Rumpus: I learned about your writing because someone recommended your book to me and noted that you had been pigeonholed as a women’s writer. Do you agree that you’ve been pigeonholed as such? How do you feel about the label?
Trueblood: As for the label “women’s writer,” who are the women this kind of writer is believed to be writing for? I know some men who are speechless with feeling when they finish an Alice Munro story, some women who read mostly crime & combat. It may be that people who would use the term “women’s writer” don’t mean frothy and ephemeral at all, as we think, but actually really do mean Clarice Lispector and Penelope Fitzgerald and Nadine Gordimer and Rebecca Solnit and other geniuses of our time. That’s the worst possibility. They don’t even mean somebody wrote about women. Look at that list! They mean a woman wrote.
Rumpus: Have you read anything good lately?

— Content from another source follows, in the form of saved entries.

(* Let $D$ be a weighted digraph and let $\nu$ be the number of vertices of a longest directed path in $D$. If $\nu$ is odd, then $\mathrm{mac}(D)\ge\left(\frac14+\frac{1}{4\nu}\right)w(D)$; if $\nu$ is even, then $\mathrm{mac}(D)\ge\left(\frac14+\frac{1}{4(\nu-1)}\right)w(D)$.
   Context: A weighted digraph $D=(V,A,w)$ is a digraph without loops or parallel arcs (opposite arcs allowed) with weights $w:A\to\mathbb{R}_{\ge0}$; $w(D)$ is the total arc weight. For a partition $(X,Y)$ of $V$, $w(X,Y)$ is the total weight of arcs from $X$ to $Y$, and $\mathrm{mac}(D)=\max_{(X,Y)}w(X,Y)$ over all partitions. *)

From mathcomp Require Import all_boot all_order all_algebra.
Set Implicit Arguments. Unset Strict Implicit. Unset Printing Implicit Defensive.
Import Order.TTheory GRing.Theory Num.Theory.
Local Open Scope ring_scope.

(* A weighted digraph on a finite vertex set V: arc relation [arc]
   (no loops: irreflexive; parallel arcs impossible since a relation;
   opposite arcs allowed), weights [w] on ordered pairs (only values on arcs
   are used). *)

Definition total_weight (R : numDomainType) (V : finType) (arc : rel V)
  (w : V -> V -> R) : R :=
  \sum_(u : V) \sum_(v : V | arc u v) w u v.

Definition cut_weight (R : numDomainType) (V : finType) (arc : rel V)
  (w : V -> V -> R) (X Y : {set V}) : R :=
  \sum_(u in X) \sum_(v in Y | arc u v) w u v.

Definition mac (R : realDomainType) (V : finType) (arc : rel V)
  (w : V -> V -> R) : R :=
  \big[Num.max/0]_(X : {set V}) cut_weight arc w X (~: X).

Definition dipath (V : finType) (arc : rel V) (s : seq V) : bool :=
  (size s > 0)%N && uniq s && sorted arc s.

Definition longest_path_order (V : finType) (arc : rel V) (nu : nat) : Prop :=
  (exists s, dipath arc s /\ size s = nu) /\
  (forall s, dipath arc s -> (size s <= nu)%N).

From mathcomp Require Import all_boot all_order all_algebra.
From mathcomp Require Import ring lra zify.
Set Implicit Arguments. Unset Strict Implicit. Unset Printing Implicit Defensive.
Import Order.TTheory GRing.Theory Num.Theory.

(* The proof has two independent parts.
   1. Gallai-Roy: D has a proper colouring with nu colours.  Take a maximal
      acyclic spanning subdigraph A of D; every arc of D is an arc of A or is
      reversed by a walk of A.  Colouring a vertex by the number of arcs of a
      longest path of A ending at it is proper, because this height strictly
      increases along every non-trivial walk of A, and it is < nu.
   2. Averaging: given a proper colouring with k colours, cut D along the
      vertex set coloured by a uniformly random set of s colours.  Each arc is
      cut with probability C(k-2, s-1)/C(k, s) = s(k-s)/(k(k-1)), so some cut
      has at least that fraction of w(D).  Choosing s = floor(k/2) with k = nu
      gives 1/4 + 1/(4 nu) for odd nu and 1/4 + 1/(4 (nu-1)) for even nu.
   The averaging is an identity between sums. *)

Section GallaiRoy.
Variable V : finType.

Lemma connect_add_arc (e : rel V) u v a b :
  connect (fun x y => ((x, y) == (u, v)) || e x y) a b ->
  connect e a b \/ (connect e a u /\ connect e v b).
Proof.
case/connectP => p; elim: p a => [|y p IH] a /=; first by move=> _ ->; left.
case/andP => /orP [/eqP [-> ->] | eay] Hp Hb; case: (IH _ Hp Hb) => [H | [H1 H2]].
- by right.
- by right.
- by left; apply: connect_trans (connect1 eay) H.
- by right; split => //; apply: connect_trans (connect1 eay) H1.
Qed.

Lemma path_connect_last (e : rel V) x p y :
  path e x p -> y \in x :: p -> connect e y (last x p).
Proof.
elim: p x y => [|z p IH] x y /=; first by move=> _; rewrite inE => /eqP ->.
case/andP => exz Hp; rewrite inE => /orP [/eqP -> | Hy]; last exact: IH Hy.
exact: connect_trans (connect1 exz) (IH z z Hp (mem_head _ _)).
Qed.

Definition setrel (A : {set V * V}) : rel V := fun a b => (a, b) \in A.

Definition acyclic_sub (arc : rel V) (A : {set V * V}) : bool :=
  [forall x, forall y, ((x, y) \in A) ==>
     arc x y && ~~ connect (setrel A) y x].

Lemma acyclic_subP (arc : rel V) A x y :
  acyclic_sub arc A -> (x, y) \in A -> arc x y && ~~ connect (setrel A) y x.
Proof. by move/forallP/(_ x)/forallP/(_ y)/implyP. Qed.

Lemma acyclic_sub_add (arc : rel V) A u v :
  acyclic_sub arc A -> arc u v -> ~~ connect (setrel A) v u ->
  acyclic_sub arc ((u, v) |: A).
Proof.
move=> acA auv nvu.
have conn1 : connect (setrel ((u, v) |: A)) =2
             connect (fun x y => ((x, y) == (u, v)) || setrel A x y).
  by move=> a b; apply: eq_connect => a' b'; rewrite /setrel in_setU1.
apply/forallP => x; apply/forallP => y; apply/implyP.
rewrite in_setU1 conn1 => /orP [/eqP [-> ->] | Axy].
  by rewrite auv; apply/negP => /connect_add_arc [|[]] cvu; rewrite cvu in nvu.
have /andP [axy nyx] := acyclic_subP acA Axy.
rewrite axy; apply/negP => /connect_add_arc [cyx | [cyu cvx]].
  by rewrite cyx in nyx.
have cvu : connect (setrel A) v u.
  by apply: connect_trans cvx (connect_trans (connect1 Axy) cyu).
by rewrite cvu in nvu.
Qed.

Lemma maximal_acyclic_sub (arc : rel V) : exists A : {set V * V},
  acyclic_sub arc A /\
  forall u v, arc u v -> ((u, v) \in A) || connect (setrel A) v u.
Proof.
have ac0 : acyclic_sub arc set0.
  by apply/forallP => x; apply/forallP => y; rewrite inE.
case: (arg_maxnP (fun A : {set V * V} => #|A|) ac0) => A acA maxA.
exists A; split=> // u v auv; apply/negPn/negP; rewrite negb_or => /andP [nA nvu].
have := maxA _ (acyclic_sub_add acA auv nvu).
by rewrite cardsU1 nA /= ltnn.
Qed.

Section Height.
Variables (e : rel V) (nu : nat).
Hypothesis e_acyclic : forall x y, e x y -> ~~ connect e y x.
Hypothesis e_bounded : forall s, dipath e s -> (size s <= nu)%N.

Definition ends_path (v : V) (k : nat) : bool :=
  [exists x : V, [exists t : k.-tuple V,
     path e x t && uniq (x :: t) && (last x t == v)]].

Lemma ends_path0 v : ends_path v 0.
Proof. by apply/existsP; exists v; apply/existsP; exists [tuple]; rewrite /= eqxx. Qed.

Lemma ends_path_lt v k : ends_path v k -> (k < nu)%N.
Proof.
case/existsP=> x /existsP [t /andP [/andP [pt ut] _]].
have := @e_bounded (x :: t); rewrite /dipath ut /= pt size_tuple; exact.
Qed.

(* A path ending at [u] extends along an arc (u, v): acyclicity prevents [v]
   from already lying on it. *)
Lemma ends_path_step u v k : e u v -> ends_path u k -> ends_path v k.+1.
Proof.
move=> euv /existsP [x /existsP [t /andP [/andP [pt ut] /eqP lt]]].
have vnot : v \notin x :: t.
  apply/negP => /(path_connect_last pt); rewrite lt => cvu.
  by have := e_acyclic euv; rewrite cvu.
have t1 : size (rcons t v) == k.+1 by rewrite size_rcons size_tuple.
apply/existsP; exists x; apply/existsP; exists (Tuple t1).
rewrite /= rcons_path pt lt euv last_rcons eqxx andbT /=.
by rewrite -/(uniq (x :: rcons t v)) -rcons_cons rcons_uniq vnot ut.
Qed.

Definition height (v : V) : nat :=
  ex_maxn (ex_intro _ 0%N (ends_path0 v)) (fun k h => ltnW (ends_path_lt h)).

Lemma height_lt v : (height v < nu)%N.
Proof. by rewrite /height; case: ex_maxnP => k /ends_path_lt. Qed.

Lemma height_arc u v : e u v -> (height u < height v)%N.
Proof.
move=> euv; rewrite [height v]/height; case: ex_maxnP => k _ maxk.
by apply: maxk; apply: ends_path_step euv _; rewrite /height; case: ex_maxnP.
Qed.

Lemma height_connect u v : connect e u v -> u != v -> (height u < height v)%N.
Proof.
case/connectP => p pp -> {v}; case: p pp => [|z p] pp; first by rewrite eqxx.
move=> _; pose lt_h := fun a b => (height a < height b)%N.
have lt_h_trans : transitive lt_h by move=> b a c; apply: ltn_trans.
have hp : path lt_h u (z :: p) by apply: sub_path pp => a b /height_arc.
have /allP := order_path_min lt_h_trans hp; apply.
by rewrite /= mem_last.
Qed.

End Height.

(* Gallai-Roy: a digraph whose longest directed path has [nu] vertices is
   properly coloured by the heights in a maximal acyclic subdigraph. *)
Theorem gallai_roy (arc : rel V) (nu : nat) :
  irreflexive arc -> longest_path_order arc nu ->
  exists c : V -> 'I_nu, forall u v, arc u v -> c u != c v.
Proof.
move=> irr [_ longest].
have [A [acA maxA]] := maximal_acyclic_sub arc.
have A_acyclic x y : setrel A x y -> ~~ connect (setrel A) y x.
  by move/(acyclic_subP acA)/andP => [].
have A_bounded s : dipath (setrel A) s -> (size s <= nu)%N.
  case/andP=> [/andP [s0 us] ps]; apply: longest; rewrite /dipath s0 us.
  by apply: sub_sorted ps => x y /(acyclic_subP acA)/andP [].
exists (fun v => Ordinal (height_lt A_bounded v)) => u v auv.
have neq : u != v by apply/eqP => eq_uv; rewrite eq_uv irr in auv.
rewrite -(inj_eq val_inj) /=.
case/orP: (maxA _ _ auv) => [Auv | cvu].
  by rewrite neq_ltn height_arc.
by rewrite eq_sym neq_ltn height_connect // eq_sym.
Qed.

End GallaiRoy.

(* Among the [m.+1]-subsets of a finite type, those containing [a] but not
   [b] are counted by [m]-subsets of the remaining elements. *)
Lemma card_separating_sets (T : finType) (a b : T) m : a != b ->
  #|[set S : {set T} | (#|S| == m.+1) && (a \in S) && (b \notin S)]|
  = 'C(#|T| - 2, m).
Proof.
move=> ab.
have notin_ab (S' : {set T}) x :
    S' \subset ~: [set a; b] -> x \in [set a; b] -> x \notin S'.
  by move=> sub xab; apply/negP => /(subsetP sub); rewrite inE xab.
have -> : [set S : {set T} | (#|S| == m.+1) && (a \in S) && (b \notin S)] =
   (fun S' => a |: S') @: [set S' : {set T} | S' \subset ~: [set a; b] & #|S'| == m].
  apply/setP => S; rewrite inE; apply/idP/imsetP.
    case/andP => [/andP [/eqP cS aS] bS]; exists (S :\ a); last by rewrite setD1K.
    rewrite inE; apply/andP; split.
      apply/subsetP => x; rewrite !inE => /andP [xa xS]; rewrite negb_or xa /=.
      by apply: contraNneq bS => <-.
    by have := cardsD1 a S; rewrite aS cS add1n => -[<-].
  case => S'; rewrite inE => /andP [sub /eqP cS'] ->.
  have aS' := notin_ab _ a sub (set21 a b).
  have bS' := notin_ab _ b sub (set22 a b).
  by rewrite cardsU1 aS' cS' eqxx setU11 /= in_setU1 negb_or bS' eq_sym ab.
rewrite card_in_imset; last first.
  move=> S1 S2; rewrite !inE => /andP [s1 _] /andP [s2 _] e.
  have aS1 := notin_ab _ a s1 (set21 a b).
  have aS2 := notin_ab _ a s2 (set21 a b).
  by rewrite -(setU1K aS1) e setU1K.
rewrite cards_draws; congr 'C(_, _).
by have := cardsC [set a; b]; rewrite cards2 ab => <-; rewrite addKn.
Qed.

Local Open Scope ring_scope.

Lemma cut_le_mac (R : realDomainType) (V : finType) (arc : rel V)
    (w : V -> V -> R) X :
  cut_weight arc w X (~: X) <= mac arc w.
Proof.
rewrite /mac; elim: (index_enum _) (mem_index_enum X) => // Y r IH.
by rewrite inE big_cons le_max => /orP [/eqP <- | /IH ->]; rewrite ?lexx ?orbT.
Qed.

Section Averaging.
Variables (R : realFieldType) (V : finType) (arc : rel V) (w : V -> V -> R).

(* Averaging over the cuts induced by the [m.+1]-sets of colours of a proper
   colouring with [n.+2] colours: every arc is cut by exactly 'C(n, m) of the
   'C(n.+2, m.+1) colour sets. *)
Lemma colour_average n m (c : V -> 'I_n.+2) :
  (forall u v, arc u v -> c u != c v) ->
  'C(n, m)%:R * total_weight arc w <= 'C(n.+2, m.+1)%:R * mac arc w.
Proof.
move=> proper.
pose X (S : {set 'I_n.+2}) := [set v | c v \in S].
pose draws := [set S : {set 'I_n.+2} | #|S| == m.+1].
have cutE S : cut_weight arc w (X S) (~: X S) =
   \sum_u \sum_(v | arc u v) (if (c u \in S) && (c v \notin S) then w u v else 0).
  rewrite /cut_weight big_mkcond; apply: eq_bigr => u _; rewrite inE.
  case: (c u \in S) => /=; last by rewrite big1.
  rewrite big_mkcond [RHS]big_mkcond; apply: eq_bigr => v _.
  by rewrite !inE; case: (c v \in S); case: (arc u v).
have sum_cuts : \sum_(S in draws) cut_weight arc w (X S) (~: X S) =
                'C(n, m)%:R * total_weight arc w.
  rewrite (eq_bigr _ (fun S _ => cutE S)) exchange_big /total_weight mulr_sumr.
  apply: eq_bigr => u _; rewrite exchange_big mulr_sumr.
  apply: eq_bigr => v auv; rewrite -big_mkcondr.
  rewrite (eq_bigl (mem [set S : {set 'I_n.+2} |
                          (#|S| == m.+1) && (c u \in S) && (c v \notin S)])).
    by rewrite sumr_const card_separating_sets ?proper // card_ord subn2 mulr_natl.
  by move=> S; rewrite !inE andbA.
have card_draws_n : #|draws| = 'C(n.+2, m.+1) by rewrite card_draws card_ord.
rewrite -sum_cuts -card_draws_n mulr_natl -sumr_const.
by apply: ler_sum => S _; apply: cut_le_mac.
Qed.

End Averaging.

(* The fraction of the cuts separating two given colours. *)
Lemma binomial_ratio (R : realFieldType) n m : (m <= n.+1)%N ->
  'C(n, m)%:R / 'C(n.+2, m.+1)%:R =
  (m.+1)%:R * (n.+1 - m)%:R / ((n.+2)%:R * (n.+1)%:R) :> R.
Proof.
move=> le_mn.
have diag := mul_bin_diag n.+2 m; have down := mul_bin_down n.+1 m.
have nat_id : ('C(n.+2, m.+1) * (m.+1 * (n.+1 - m)) =
               'C(n, m) * (n.+2 * n.+1))%N.
  rewrite mulnA (mulnC _ m.+1) -diag /= -mulnA (mulnC _ (n.+1 - m)%N) -down /=.
  by rewrite mulnA mulnC.
have C_gt0 : 'C(n.+2, m.+1)%:R != 0 :> R by rewrite pnatr_eq0 -lt0n bin_gt0.
apply/eqP; rewrite eqr_div // ?mulf_neq0 ?pnatr_eq0 //.
by rewrite -!natrM -nat_id mulnC.
Qed.

Lemma mac_colouring_bound (R : realFieldType) (V : finType) (arc : rel V)
    (w : V -> V -> R) n m (c : V -> 'I_n.+2) :
  (forall u v, arc u v -> c u != c v) -> (m <= n.+1)%N ->
  (m.+1)%:R * (n.+1 - m)%:R / ((n.+2)%:R * (n.+1)%:R) * total_weight arc w
    <= mac arc w.
Proof.
move=> proper le_mn; rewrite -binomial_ratio //.
have C_gt0 : 0 < 'C(n.+2, m.+1)%:R :> R by rewrite ltr0n bin_gt0.
rewrite mulrAC ler_pdivrMr // [mac _ _ * _]mulrC.
exact: colour_average proper.
Qed.

Lemma ratio_odd (R : realFieldType) m :
  (m.+1)%:R * (m.*2.+2 - m)%:R / ((m.*2.+3)%:R * (m.*2.+2)%:R)
  = 4%:R^-1 + (4%:R * (m.*2.+3)%:R)^-1 :> R.
Proof.
rewrite (_ : (m.*2.+2 - m)%N = m.+2); last by lia.
have m_ge0 := ler0n R m; rewrite -muln2 -!natr1 natrM.
by field; rewrite !gt_eqF; lra.
Qed.

Lemma ratio_even (R : realFieldType) m :
  (m.+1)%:R * (m.*2.+1 - m)%:R / ((m.*2.+2)%:R * (m.*2.+1)%:R)
  = 4%:R^-1 + (4%:R * ((m.*2.+2)%:R - 1))^-1 :> R.
Proof.
rewrite (_ : (m.*2.+1 - m)%N = m.+1); last by lia.
have m_ge0 := ler0n R m; rewrite -muln2 -!natr1 natrM.
by field; rewrite !gt_eqF; lra.
Qed.

Theorem mainTheorem3 (R : realFieldType) (V : finType) (arc : rel V)
  (w : V -> V -> R) (nu : nat) :
  irreflexive arc ->
  (forall u v, arc u v -> 0 <= w u v) ->
  longest_path_order arc nu ->
  (odd nu ->
     mac arc w >= (4%:R^-1 + (4%:R * nu%:R)^-1) * total_weight arc w) /\
  (~~ odd nu ->
     mac arc w >= (4%:R^-1 + (4%:R * (nu%:R - 1))^-1) * total_weight arc w).
Proof.
move=> irr _ longest; have [c proper] := gallai_roy irr longest.
case: nu longest c proper => [|[|n]] longest c proper.
- (* a one-vertex path exists, so [nu > 0] *)
  by case: longest.1 => s [/andP [/andP [s_gt0 _] _] s0]; rewrite s0 in s_gt0.
- (* one colour: there are no arcs, so both sides vanish *)
  have mac_ge0 : 0 <= mac arc w.
    by have := cut_le_mac arc w set0; rewrite /cut_weight big_set0.
  have W0 : total_weight arc w = 0.
    rewrite /total_weight big1 // => u _; rewrite big1 // => v /proper.
    by rewrite !ord1 eqxx.
  by rewrite W0 mulr0.
-
  have [m [def_n | def_n]] : exists m, n = m.*2.+1 \/ n = m.*2.
    by exists n./2; rewrite -{1 3}(odd_double_half n); case: (odd n); [left|right].
  + subst n; split; rewrite /= odd_double //= => _.
    by rewrite -ratio_odd; apply: mac_colouring_bound proper _; lia.
  + subst n; split; rewrite /= odd_double //= => _.
    by rewrite -ratio_even; apply: mac_colouring_bound proper _; lia.
Qed.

Trueblood: Lately I’ve really liked the Martha Grover memoir–family & a harsh illness examined by an extraordinary mind, tearless and just. Dawn Raffel’s novel Carrying the Body, and her stories Further Adventures in the Restless Universe; stories by John Haskell and Diane Williams; Barbara Comyns’s novel Who Was Changed and Who Was Dead (just reissued by The Dorothy Project); Juliane Koepcke’s When I Fell from the Sky, about being the lone survivor of a plane crash. A great book called The Greatest Disaster Stories Ever Told, by Lamar Underwood.
And Karinthy’s Metropole: I read this a long time ago, but have to say every chance I get how good it is.
More writers whose names begin with K: Kosztolanyi’s Skylark, and the excerpts from Anna Kamienska’s notebooks in Poetry magazine, containing this passage: While we were going to Poznan, Wislawa Szymborska told me about how her hedgehog, all alone, fell in love with a broom.
Rumpus: What do you like most about your writing?
Trueblood: Some stories become like pets you love both despite and because of their neuroses. As you know, under all the doubt and dread, there are some strange joys in all this.